(* With $0<q<1$, $\sigma\in\mathbb{R}$ and $v_\lambda=\sum_{n\ge0}\phi_n(\lambda)e_n$ as in the context, for every $x\in\mathbb{Z}_+$: $$\|v_{q^{2\sigma+2x}}\|^2=\sum_{n=0}^\infty\frac{q^{n(n-1)}q^{-2\sigma n}}{(q^2;q^2)_n}\left({}_2\varphi_1\!\left({q^{-2x},q^{-2n}\atop 0};q^2,-q^{2+2\sigma+2x}\right)\right)^2 = q^{-2x}(q^2;q^2)_x(-q^{2\sigma+2};q^2)_x(-q^{-2\sigma};q^2)_\infty,$$ and $\|v_{-q^{2x}}\|^2$ is given by the same expression with $\sigma$ replaced by $-\sigma$, i.e. equals $q^{-2x}(q^2;q^2)_x(-q^{2-2\sigma};q^2)_x(-q^{2\sigma};q^2)_\infty$. Moreover, for $\lambda\in\mathbb{C}\setminus\{0\}$ not of the form $-q^{2x}$ or $q^{2\sigma+2x}$ ($x\in\mathbb{Z}_+$), $v_\lambda\notin\ell^2(\mathbb{Z}_+)$.
   Context: $(a;q)_n=\prod_{j=0}^{n-1}(1-aq^j)$, $(a;q)_\infty=\prod_{j\ge0}(1-aq^j)$; ${}_2\varphi_1\!\left({a,b\atop c};q,z\right)=\sum_{k\ge0}\frac{(a;q)_k(b;q)_k}{(c;q)_k(q;q)_k}z^k$ (terminating here). $\{e_n\}$ is the standard orthonormal basis of $\ell^2(\mathbb{Z}_+)$, $\phi_n(\lambda)= i^n q^{-\sigma n} q^{-\frac12 n(n-1)} (q^2;q^2)_n^{-1/2}\hat P_n(\lambda;0,0,q^{2\sigma},1;q^2)$, where the monic polynomials $\hat P_n(x;0,0,c,d;q)$ are defined by $\hat P_{-1}=0$, $\hat P_0=1$, $x\hat P_n=\hat P_{n+1}+q^n(c-d)\hat P_n+q^{n-1}cd(1-q^n)\hat P_{n-1}$; equivalently $\hat P_n(x;0,0,c,d;q)=d^n q^{\frac12 n(n-1)}\sum_{k=0}^n \frac{(q^{-n};q)_k (c/x;q)_k}{(q;q)_k}(-qx/d)^k$. *)

From Stdlib Require Import Reals.
From Coquelicot Require Import Coquelicot.
Open Scope R_scope.

Fixpoint qpoch (a q : R) (n : nat) : R :=
  match n with
  | O => 1
  | S m => qpoch a q m * (1 - a * q ^ m)
  end.

Definition qpoch_inf (a q : R) : R := real (Lim_seq (fun n => qpoch a q n)).

(* terminating 2phi1(a, q^{-N}; c; q, z) = sum_{k=0}^{N} (a;q)_k (b;q)_k / ((c;q)_k (q;q)_k) z^k;
   with b = q^{-N} all terms with k > N vanish, so summing up to N is the full series *)
Definition phi21_term (a b c q z : R) (k : nat) : R :=
  qpoch a q k * qpoch b q k / (qpoch c q k * qpoch q q k) * z ^ k.
Definition phi21_trunc (a b c q z : R) (N : nat) : R :=
  sum_f_R0 (phi21_term a b c q z) N.

Fixpoint Cpown (z : C) (n : nat) : C :=
  match n with
  | O => RtoC 1
  | S m => Cmult (Cpown z m) z
  end.

(* monic polynomials hatP_n(x;0,0,c,d;q) by the three-term recurrence
   x P_n = P_{n+1} + q^n (c-d) P_n + q^{n-1} c d (1-q^n) P_{n-1}, P_{-1}=0, P_0=1.
   hatP_pair c d q x n = (P_n(x), P_{n+1}(x)). *)
Fixpoint hatP_pair (c d q : R) (x : C) (n : nat) : C * C :=
  match n with
  | O => (RtoC 1, Cminus x (RtoC (c - d)))
  | S m =>
      let (p_m, p_n) := hatP_pair c d q x m in
      (p_n, Cminus (Cmult (Cminus x (RtoC (q ^ (S m) * (c - d)))) p_n)
                   (Cmult (RtoC (q ^ m * c * d * (1 - q ^ (S m)))) p_m))
  end.
Definition hatP (c d q : R) (n : nat) (x : C) : C := fst (hatP_pair c d q x n).

Definition phi_n (q sigma : R) (n : nat) (lam : C) : C :=
  Cmult (Cmult (Cpown Ci n)
     (RtoC (Rpower q (- sigma * INR n) * Rpower q (- (INR n * (INR n - 1)) / 2)
            / sqrt (qpoch (q ^ 2) (q ^ 2) n))))
     (hatP (Rpower q (2 * sigma)) 1 (q ^ 2) n lam).

Definition vnorm2_term (q sigma : R) (lam : C) (n : nat) : R :=
  (Cmod (phi_n q sigma n lam)) ^ 2.

Definition v_in_l2 (q sigma : R) (lam : C) : Prop := ex_series (vnorm2_term q sigma lam).

(* Put Q = q^2 and c = q^(2 sigma). Up to a unimodular factor, phi_n(lambda) is hatP_n(lambda) / sqrt h_n
   with h_n = c^n Q^(n(n-1)/2) (Q;Q)_n, and the recurrence is solved by the explicit formula
     hatP_n(x) = sum_j [n, j]_Q Q^(j(j-1)/2) (x - c)(x - cQ)...(x - cQ^(n-j-1)).
   At a mass point x = c Q^y this is Q^(n(n-1)/2) times a terminating 2phi1, a q-Charlier polynomial
   f_n, so that ||v||^2 = sum_n w_n f_n^2 with w_n = Q^(n(n-1)/2) / (c^n (Q;Q)_n).  Expanding f_n in the
   powers Q^(-jn), j <= y, and summing against w_n by Euler's identity
   (-t;Q)_oo = sum_j Q^(j(j-1)/2) t^j / (Q;Q)_j, every moment with j < y vanishes and the closed form
   remains.  The points -Q^y reduce to this case through hatP_n(-x; c) = (-c)^n hatP_n(x/c; 1/c).
   For non-real lambda, the Christoffel-Darboux identity expresses Im(lambda) times the partial sums of
   ||v||^2 by a Wronskian of two consecutive terms, which would tend to 0 if v were square summable.
   For real lambda off the spectrum, Tannery's theorem gives
   hatP_n(lambda) / lambda^n -> (-1/lambda;Q)_oo (c/lambda;Q)_oo <> 0, and the terms of ||v||^2 blow up. *)

From Stdlib Require Import Reals Lra Lia Psatz.
From Coquelicot Require Import Coquelicot.
Open Scope R_scope.

Lemma pow_le_1 x n : 0 <= x <= 1 -> x ^ n <= 1.
Proof. intros H. rewrite <- (pow1 n). apply pow_incr. lra. Qed.

Lemma pow_inv_mul_pow Q n : Q <> 0 -> (/ Q) ^ n * Q ^ n = 1.
Proof. intros H. rewrite <- Rpow_mult_distr, Rinv_l by auto. apply pow1. Qed.

Lemma neg1_pow_sqr k : (-1) ^ k * (-1) ^ k = 1.
Proof. rewrite <- Rpow_mult_distr. replace (-1 * -1) with 1 by ring. apply pow1. Qed.

Lemma sum_f_R0_succ_l f n : sum_f_R0 f (S n) = f O + sum_f_R0 (fun j => f (S j)) n.
Proof. rewrite decomp_sum by lia. reflexivity. Qed.

Lemma sum_f_R0_scal_l a f n : sum_f_R0 (fun j => a * f j) n = a * sum_f_R0 f n.
Proof. induction n; simpl; [reflexivity|]. rewrite IHn. ring. Qed.

Lemma sum_f_R0_rev f n : sum_f_R0 f n = sum_f_R0 (fun k => f (n - k)%nat) n.
Proof.
  revert f; induction n; intros f; [reflexivity|].
  rewrite sum_f_R0_succ_l, (IHn (fun i => f (S i))), tech5, Nat.sub_diag, Rplus_comm.
  f_equal. apply sum_eq. intros i Hi. f_equal. lia.
Qed.

Lemma sum_f_R0_zero f n : (forall k, (k <= n)%nat -> f k = 0) -> sum_f_R0 f n = 0.
Proof.
  induction n; intros H; simpl; [apply H; lia|].
  rewrite IHn, H by (lia || intros; apply H; lia). ring.
Qed.

Lemma sum_f_R0_last F n : (forall j, (j < n)%nat -> F j = 0) -> sum_f_R0 F n = F n.
Proof.
  intros H. destruct n; [reflexivity|].
  rewrite tech5, sum_f_R0_zero by (intros; apply H; lia). ring.
Qed.

Lemma sum_f_R0_extend f n m : (n <= m)%nat -> (forall k, (n < k)%nat -> f k = 0) ->
  sum_f_R0 f m = sum_f_R0 f n.
Proof.
  intros Hnm H. induction m.
  - replace n with 0%nat by lia. reflexivity.
  - destruct (Nat.eq_dec n (S m)) as [->|Hne]; [reflexivity|].
    rewrite tech5, IHm, H by lia. ring.
Qed.

Lemma sum_f_R0_swap (F : nat -> nat -> R) n m :
  sum_f_R0 (fun k => sum_f_R0 (fun j => F k j) m) n =
  sum_f_R0 (fun j => sum_f_R0 (fun k => F k j) n) m.
Proof. induction n; simpl; [reflexivity|]. rewrite IHn, <- sum_plus. reflexivity. Qed.

(** * q-Pochhammer symbols and q-binomial coefficients *)

(* [qtri Q j = Q ^ (j (j - 1) / 2)] *)
Fixpoint qtri (Q : R) (j : nat) : R :=
  match j with O => 1 | S m => qtri Q m * Q ^ m end.

Fixpoint qbin (Q : R) (n j : nat) : R :=
  match n, j with
  | _, O => 1
  | O, S _ => 0
  | S n', S j' => qbin Q n' (S j') + Q ^ (n' - j') * qbin Q n' j'
  end.

Lemma qtri_pos Q k : 0 < Q -> 0 < qtri Q k.
Proof. intros H; induction k; simpl; [lra|]. apply Rmult_lt_0_compat; auto. apply pow_lt; auto. Qed.

Lemma qtri_add Q a b : qtri Q (a + b) = qtri Q a * qtri Q b * Q ^ (a * b).
Proof.
  induction b.
  - rewrite Nat.add_0_r, Nat.mul_0_r. simpl. ring.
  - rewrite Nat.add_succ_r. simpl qtri. rewrite IHb.
    replace (a * S b)%nat with (a * b + a)%nat by lia.
    rewrite !pow_add. ring.
Qed.

Lemma qtri_sqr Q k : qtri Q k * qtri Q k * Q ^ k = Q ^ (k * k).
Proof.
  induction k; simpl qtri; [simpl; ring|].
  replace (S k * S k)%nat with (k * k + (k + k + 1))%nat by lia.
  rewrite pow_add, <- IHk, !pow_add. simpl. ring.
Qed.

Lemma qtri_pow2 q n : qtri (q ^ 2) n = q ^ (n * (n - 1)).
Proof.
  induction n; cbn [qtri]; [reflexivity|].
  rewrite IHn, <- pow_mult, <- pow_add. f_equal. destruct n; simpl; lia.
Qed.

Lemma qpochS a Q n : qpoch a Q (S n) = qpoch a Q n * (1 - a * Q ^ n).
Proof. reflexivity. Qed.

Lemma qpochS_l v Q n : qpoch v Q (S n) = (1 - v) * qpoch (v * Q) Q n.
Proof.
  induction n.
  - simpl. ring.
  - rewrite qpochS, IHn, qpochS. simpl. ring.
Qed.

Lemma qpoch_add v Q y N : qpoch v Q (y + N) = qpoch v Q y * qpoch (v * Q ^ y) Q N.
Proof.
  induction N.
  - rewrite Nat.add_0_r. simpl. ring.
  - rewrite Nat.add_succ_r, !qpochS, IHN, pow_add. ring.
Qed.

Lemma qpoch_0_l Q k : qpoch 0 Q k = 1.
Proof. induction k; simpl; [reflexivity|]. rewrite IHk. ring. Qed.

Lemma qpoch_neq0 v Q y : (forall i, 1 - v * Q ^ i <> 0) -> qpoch v Q y <> 0.
Proof.
  intros H. induction y; simpl; [lra|]. apply Rmult_integral_contrapositive_currified; auto.
Qed.

Lemma qpochQ_pos Q n : 0 < Q < 1 -> 0 < qpoch Q Q n.
Proof.
  intros HQ; induction n; simpl; [lra|].
  apply Rmult_lt_0_compat; auto.
  assert (0 < Q ^ n <= 1) by (split; [apply pow_lt; lra| apply pow_le_1; lra]). nra.
Qed.

Lemma qpochQ_decr Q n m : 0 < Q < 1 -> (n <= m)%nat -> qpoch Q Q m <= qpoch Q Q n.
Proof.
  intros HQ H. induction H; [lra|].
  rewrite qpochS. assert (P := qpochQ_pos Q m HQ).
  assert (0 < Q ^ m <= 1) by (split; [apply pow_lt; lra| apply pow_le_1; lra]).
  assert (0 < Q * Q ^ m <= 1) by (split; nra). nra.
Qed.

Lemma qpoch_inv_pow_0 Q y k : 0 < Q -> (y < k)%nat -> qpoch ((/ Q) ^ y) Q k = 0.
Proof.
  intros HQ H. induction k; [lia|].
  destruct (Nat.eq_dec y k) as [->|Hne].
  - rewrite qpochS, pow_inv_mul_pow by lra. ring.
  - rewrite qpochS, IHk by lia. ring.
Qed.

Lemma qpoch_inv_pow Q : 0 < Q -> forall n k, (k <= n)%nat ->
  qpoch ((/ Q) ^ n) Q k * qpoch Q Q (n - k) = (-1) ^ k * qtri Q k * ((/ Q) ^ n) ^ k * qpoch Q Q n.
Proof.
  intros HQ n k. induction k; intros Hk.
  - simpl. rewrite Nat.sub_0_r. ring.
  - assert (IH := IHk ltac:(lia)).
    replace (n - k)%nat with (S (n - S k)) in IH by lia.
    rewrite qpochS in IH |- *.
    set (p := / Q) in *.
    assert (Hpq : p ^ n * Q ^ (n - S k) * Q ^ k * Q = 1).
    { rewrite <- (pow_inv_mul_pow Q n) by lra. fold p.
      replace (Q ^ n) with (Q ^ (n - S k) * Q ^ k * Q)
        by (transitivity (Q ^ (n - S k + k + 1)); [rewrite !pow_add; simpl; ring | f_equal; lia]).
      ring. }
    replace (1 - p ^ n * Q ^ k) with ((1 - Q * Q ^ (n - S k)) * (- p ^ n * Q ^ k))
      by (transitivity (- p ^ n * Q ^ k + (p ^ n * Q ^ (n - S k) * Q ^ k * Q)); [ring| rewrite Hpq; ring]).
    transitivity (qpoch (p ^ n) Q k * (qpoch Q Q (n - S k) * (1 - Q * Q ^ (n - S k))) * (- p ^ n * Q ^ k));
      [ring|].
    rewrite IH. simpl qtri. simpl pow. ring.
Qed.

• EXERCISE INSTRUCTIONS:
Your answer should be the lines above from the one containing "Lemma qtri_add Q" through the one containing "induction n; cbn [qtri]; [reflexivity|].", copied exactly and with both ends kept.

• SOLUTION TO THIS PROBLEM:
Lemma qtri_add Q a b : qtri Q (a + b) = qtri Q a * qtri Q b * Q ^ (a * b).
Proof.
  induction b.
  - rewrite Nat.add_0_r, Nat.mul_0_r. simpl. ring.
  - rewrite Nat.add_succ_r. simpl qtri. rewrite IHb.
    replace (a * S b)%nat with (a * b + a)%nat by lia.
    rewrite !pow_add. ring.
Qed.

Lemma qtri_sqr Q k : qtri Q k * qtri Q k * Q ^ k = Q ^ (k * k).
Proof.
  induction k; simpl qtri; [simpl; ring|].
  replace (S k * S k)%nat with (k * k + (k + k + 1))%nat by lia.
  rewrite pow_add, <- IHk, !pow_add. simpl. ring.
Qed.

Lemma qtri_pow2 q n : qtri (q ^ 2) n = q ^ (n * (n - 1)).
Proof.
  induction n; cbn [qtri]; [reflexivity|].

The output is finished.